Neurological impairment of our case started in the infantile period with a decline in motor ability, cognitive impairment, and cerebellar features. Although cerebellar signs of this case became progressively obvious, cerebellar atrophy was not observed, which is likely related to the molecular basis or other factors. Previous studies have found that cerebellar anomalies were more severe in patients with POLR3B defects while the pattern of hypomyelinization was more evident in the MRI of patients with POLR3A mutations [2, 6]. This may be another explanation for our case. Our patient also showed classical extraneurologic features, characterized by hypodontia with delayed tooth eruption and short stature. She also displayed polytrichia, an atypical feature of POLR3-related leukodystrophy, which may be due to aberrant endocrine hormone levels or other reasons. Hypogonadotropic hypogonadism was not detected because she was too young. Previous studies have also shown that the syndrome may or may not be associated with hypodontia and/or hypogonadotrophic hypogonadism in many cases [8, 11]. The case did not show myopia and optic atrophy. This is inconsistent with most cases, which are usually accompanied by myopia [2]. Her dysphagia phenotype was striking. She had obvious difficulty with tube feeding and forceful vomiting occurred frequently. This is likely due to the incoordination of swallowing of cerebellar syndrome, or due to other unpredictable reasons. Bronchodysplasia is another feature first observed in POLR3-related leukodystrophy, suggesting that it was not recognized previously in the POLR3-related leukodystrophy spectrum.

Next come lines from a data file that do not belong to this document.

Lemma sym_path_connected_chiV_eq (V W : PUN) :
  rho_symmetric rho V -> rho_symmetric rho W ->
  sym_path_connected rho V W -> chiV rho V = chiV rho W.
Proof.
move=> symV symW [gam [cgam gam0 gam1 symgam]]; apply: funext => g.
have [rs rsP] : exists rs : seq C, forall z, z ^+ N = 1 -> z \in rs.
  have nz : 'X^N - 1 != 0 :> {poly C} by rewrite -size_poly_eq0 size_XnsubC.
  have [rs rsP] := exists_root_seq nz.
  by exists rs => z zN; apply: rsP; rewrite rootE !hornerE zN subrr.
(* phase_of does not see the phase of the lift, so phi is continuous on PU. *)
pose phi (X : PUN) : Ctop R := phase_of (rho g) (lift X).
have cphi : continuous phi.
  apply: (@repr_comp_continuous _ _ _ (fun u : UN R N => phase_of (rho g) (Uval u) : Ctop R)).
    apply/continuous_CtopP/ccont_phase_of; first exact: mxcontC.
    by apply/continuous_MtopP; exact: (@initial_continuous _ _ (@set_val _ _)).
  by move=> u v /eqP /piPU_eqP [c [c1 ->]]; rewrite phase_ofZ.
have phiE X : rho_symmetric rho X -> phi X = chiV rho X g.
  by move=> symX; rewrite (chiVE N_gt0 rho_unitary symX).
rewrite -(phiE V symV) -(phiE W symW) -gam0 -gam1; symmetry.
apply: (@IVT_finite_range_complex _ (phi \o gam) rs) => [t|t t01].
  exact: continuous_comp (cgam t) (cphi _).
have symt := symgam t t01; rewrite /= phiE //.
by have := rsP _ (chiV_expN N_gt0 rho_unitary g symt).
Qed.

End SymmetricPaths.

Thus, in addition to the classical extraneurological features, abnormal body hair and visceral smooth muscle features should be carefully looked for in patients with POLR3-related. When classical features do not exist, rare manifestations will a clue in the diagnosis of this disorder. Although there is no cure for this disease to date, treatment of manifestations such as seizures, hypogonadotropic hypogonadism, dystonia, and dysphagia can be managed on an individual basis for an improved quality of life and the prevention of complications.

Our case presented with severe manifestation at early onset and diverse manifestations among those of patients with POLR3-related leukodystrophy, which may be a result of the genotype identified in this patient; further analysis is necessary. To date, four genes (POLR3A, POLR3B, POLR1C, and POLR3K) have been reported to be associated with POLR3-related leukodystrophy [11, 16]. Most of the identified mutations are point mutations in the codon region; however, non-coding DNA variants are suspected to account for a substantial portion of undiscovered causes of rare diseases [17, 18]. Minnerop et al. identified mutations in deep intronic regions of POLR3A as a common cause of hereditary spastic paraplegia and cerebellar ataxia, and > 80% of POLR3A mutation carriers presented the same deep intronic mutation (c.1909 + 22G > A), which leads to a novel, distinct, uniform, and severe phenotype [17]. Jay et al. also reported alteration of mRNA splicing in POLR3A causing neonatal progeroid syndrome with severe clinical manifestations [23]. In this study, we identified the c.1771-6C > G (NM_007055) mutation adjacent to the mRNA splice site demonstrating that exploring non-coding genomic regions was helpful in revealing the causes of related hereditary diseases.